Spotlight (2015)

Movie Info

Movie Info

Director
Tom McCarthy
Run Time
2 hours and 8 minutes
Rating
R

VP Content Ratings

Violence
2/10
Language
2/10
Star Rating
★★★★★5 out of 5

Rated R. Running time: 2 hours 8 min.

Our content ratings (1-10); Violence 2; Language 2; Sex /Nudity 1.

Our star rating (1-5): 5

For all who do evil hate the light and do not come to the light, so that their deeds may not be exposed.

John 3:20

It would be better for you if a millstone were hung around your neck and you were thrown into the sea than for you to cause one of these little ones to stumble.

Luke 17:2

Speak out for those who cannot speak,     for the rights of all the destitute

Proverbs 31:8

Power tends to corrupt, and absolute power corrupts absolutely.

Lord Acton

Lord Acton’s famous observation (which was part of his letter to an English bishop) applies to the Church, as well as to politics. In director Tom McCarthy’s film the Catholic Church is the power in Boston, as we see in this taut drama, now being favorably compared to All The President’s Men. We know the outcome of the true story, but the director (also co-writer with Josh Singer) and the perfect ensemble cast keep us leaning forward to follow the labyrinthine investigation into the dark recesses of an institution purportedly standing for truth, justice—and love.
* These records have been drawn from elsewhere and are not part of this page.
Lemma edge_interiors_meet_finitely g g' : is_edge g -> is_edge g' -> g <> g' ->
  exists Q, forall p, on_interior (curve g) p -> on_interior (curve g') p -> List.In p Q.
Proof.
move=> g_edge g'_edge gg'.
have [l [_ lg]] := chi_bounded g_edge.
have [l' [_ lg']] := chi_bounded g'_edge.
exists (List.map snd (l ++ l')) => p on_g on_g'.
have cr : crossing curve g g' p by [].
have cr' : crossing curve g' g p by do 2 (split=> //); split=> //; apply: nesym.
apply/List.in_map_iff; have [chi_sym [chi_g|chi_g']] := chi_crossing cr.
  by exists (g', p); split=> //; apply: List.in_or_app; left; apply: lg.
by exists (g, p); split=> //; apply: List.in_or_app; right; apply: lg' => //; rewrite -chi_sym.
Qed.

Lemma edge_curves_meet_finitely (a b a' b' : svert G) :
  sadj a b -> sadj a' b' -> [set a; b] <> [set a'; b'] ->
  exists Q, forall p,
    on_curve (curve [set a; b]) p -> on_curve (curve [set a'; b']) p -> List.In p Q.
Proof.
move=> ab a'b' E.
have [Q QE] := edge_interiors_meet_finitely (is_edge_set2 ab) (is_edge_set2 a'b') E.
exists ([:: pos a; pos b; pos a'; pos b'] ++ Q) => p on_ab on_ab' /=.
case: (on_edge_curve ab on_ab) => [->|[->|int_ab]]; try by intuition.
by case: (on_edge_curve a'b' on_ab') => [->|[->|int_ab']]; intuition.
Qed.

Lemma charged_crossing_lists :
  exists lG : {set svert G} -> list ({set svert G} * point),
    forall g, is_edge g -> (length (lG g) <= k)%coq_nat /\
      forall f p, crossing curve g f p -> chi g f p = g -> List.In (f, p) (lG g).
Proof.
apply: (ClassicalEpsilon.choice (fun g l => is_edge g -> (length l <= k)%coq_nat /\
  forall f p, crossing curve g f p -> chi g f p = g -> List.In (f, p) l)) => g.
by case: (classic (is_edge g)) => [/chi_bounded [l l_spec]|not_edge]; [exists l|exists nil].
Qed.

Lemma traversing_path_curves (x : svert G) (s : list (svert G)) :
  path (@sadj G) x s -> exists ga : nat -> R -> point,
    forall j, (j < size s)%nat -> traverses (nth x (x :: s) j) (nth x s j) (ga j).
Proof.
move=> /(pathP x) adj.
apply: (ClassicalEpsilon.choice
  (fun j ga => (j < size s)%nat -> traverses (nth x (x :: s) j) (nth x s j) ga)) => j.
case: (ltnP j (size s)) => [j_s|sj].
  by have [ga tr] := traverses_edge (adj j j_s); exists ga.
by exists (fun _ => pos x).
Qed.

Lemma path_curve (x : svert G) (s : list (svert G)) :
  path (@sadj G) x s -> uniq (x :: s) -> s != [::] ->
  exists al, curve_continuous al /\ curve_simple al /\
    al 0%R = pos x /\ al 1%R = pos (last x s) /\
    forall t, in01 t -> exists g, g \in pairmap (fun a b => [set a; b]) x s /\
      on_curve (curve g) (al t).
Proof.
move=> xs_path xs_uniq s_nil.
have [ga ga_tr] := traversing_path_curves xs_path.
move/(pathP x): xs_path => adj.
set N := (size s).-1.
have sN : size s = N.+1 by rewrite /N prednK // lt0n size_eq0.
have ltN j : (j <= N)%nat -> (j < size s)%nat by rewrite sN ltnS.
have [al [al_c [al_s [al0 [al1 al_on]]]]] :
    exists al, curve_continuous al /\ curve_simple al /\ al 0%R = ga 0%nat 0%R /\
      al 1%R = ga N 1%R /\ forall t, in01 t -> exists j, (j <= N)%nat /\ on_curve (ga j) (al t).
  apply: concat_simple_curve_chain (leqnn N).
  - by move=> j /ltN /ga_tr [? [? _]].
  - move=> j jN; have [_ [_ [_ [-> _]]]] := ga_tr j (ltN j (ltnW jN)).
    by have [_ [_ [-> _]]] := ga_tr j.+1 (ltN _ jN).
  - move=> i j /andP [ij /ltN j_s]; have i_s := ltn_trans ij j_s.
    have [_ [_ [_ [_ on_i]]]] := ga_tr i i_s.
    have [_ [_ [_ [_ on_j]]]] := ga_tr j j_s.
    have [|Q meetQ] := edge_curves_meet_finitely (adj i i_s) (adj j j_s).
      by apply: uniq_path_edges_neq; rewrite ?ij.
    by exists Q => p /on_i on_i' /on_j on_j'; apply: meetQ.
  - move=> j /ltN j_s; have [_ [_ [-> _]]] := ga_tr 0%nat (ltN 0%nat (leq0n N)).
    have [_ [_ [_ [-> _]]]] := ga_tr j j_s.
    move/drawing_pos_inj => /= x_nth; have : x \in s by rewrite {1}x_nth mem_nth.
    by move: xs_uniq => /andP [/negP].
have [_ [_ [ga0 _]]] := ga_tr 0%nat (ltN 0%nat (leq0n N)).
have [_ [_ [_ [gaN _]]]] := ga_tr N (ltN N (leqnn N)).
exists al; do 2 (split=> //); split; first by rewrite al0 ga0.
split; first by rewrite al1 gaN /N nth_last.
move=> t t01; have [j [/ltN j_s on_j]] := al_on t t01.
have [_ [_ [_ [_ on_e]]]] := ga_tr j j_s.
exists [set nth x (x :: s) j; nth x s j]; split; last exact: on_e.
rewrite -(nth_pairmap x set0 (fun a b => [set a; b]) j_s x).
by apply: mem_nth; rewrite size_pairmap.
Qed.

Section Subdivision.
Variables (H : sgraph) (c : nat) (phi : svert H -> svert G)
  (P : svert H -> svert H -> list (svert G)).
Hypothesis phi_inj : injective phi.
Hypothesis size_P : forall u v : svert H, sadj u v -> (size (P u v) <= c)%nat.
Hypothesis path_P : forall u v : svert H, sadj u v ->
  path (@sadj G) (phi u) (rcons (P u v) (phi v)).
Hypothesis uniq_P : forall u v : svert H, sadj u v -> uniq (phi u :: rcons (P u v) (phi v)).
Hypothesis P_not_branch : forall (u v : svert H) x w, sadj u v -> x \in P u v -> x != phi w.
Hypothesis P_disjoint : forall u v u' v' : svert H, sadj u v -> sadj u' v' ->
  [set u; v] <> [set u'; v'] -> forall x, x \in P u v -> x \notin P u' v'.

Definition path_edges (u v : svert H) : list {set svert G} :=
  pairmap (fun a b => [set a; b]) (phi u) (rcons (P u v) (phi v)).

Lemma path_edges_edge u v g : sadj u v -> g \in path_edges u v -> is_edge g.
Proof.
by move=> uv /(mem_pairmap_set2 (path_P uv)) [a [b [ab [-> _]]]]; apply: is_edge_set2.
Qed.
Set in 2001 just before and during 9-11, the film begins with Walter “Robby” Robinson (Michael Keaton) and his Spotlight investigative team–Sacha Pfeiffer (Rachel McAdams), Michael Rezendes (Mark Ruffalo) and Matty Carroll (Brian d’Arcy James)— discussing the arrival of the Boston Globe’s new boss Marty Baron (Liev Schreiber). During his stints at The New York Times and the Miami Herald he had cut staff by 15% (the Internet was decimating daily newspapers), so they are worried. Baron is Jewish in a Catholic-dominated city he has never lived in. They all have been or still are tied to the Church. Thus the film belongs, in part, to the outsider versus insider genre.

At their first staff meeting Baron asks about a story by columnist Eileen McNamara (Maureen Keiller) revealing that a priest was accused of molesting more than 100 boys. 25 of the victims’ families had brought a civil law suit against the cleric. Baron, noticing that there were no further follow-up stories, wonders why. The answer is that the documents had been placed under court-ordered seal, so he asks why the paper has not challenged this in court. The Spotlight staff reacts as if he does not see the obvious: it was unthinkable to sue the Church. Nonetheless, Robby and his team follow their boss’s orders, plunging them into a dark world of devious, unconscionable cover up of evil that horrifies them—so much that Sacha Pfeiffer, the only one of them still attending mass, stops going.

Their search takes them to law offices and basements containing archives of diocesan directories, some of which are in the Globe’s own storeroom. It seems that years earlier those trying to bring justice for the young victims had sent a box of documents revealing names of priests and abused, but no one had paid any attention to them. The journalists are surprised to learn that there are 13 priests who, when caught abusing boys, were transferred to other parishes, and when further accusations were made, were sent on to still other parishes. They’re shocked even more when a national expert, asking them how many priests there are in the Boston Diocese, predict that there ought to be 90 priest pedophiles there. Further gumshoe investigation expands the list to 87 priests.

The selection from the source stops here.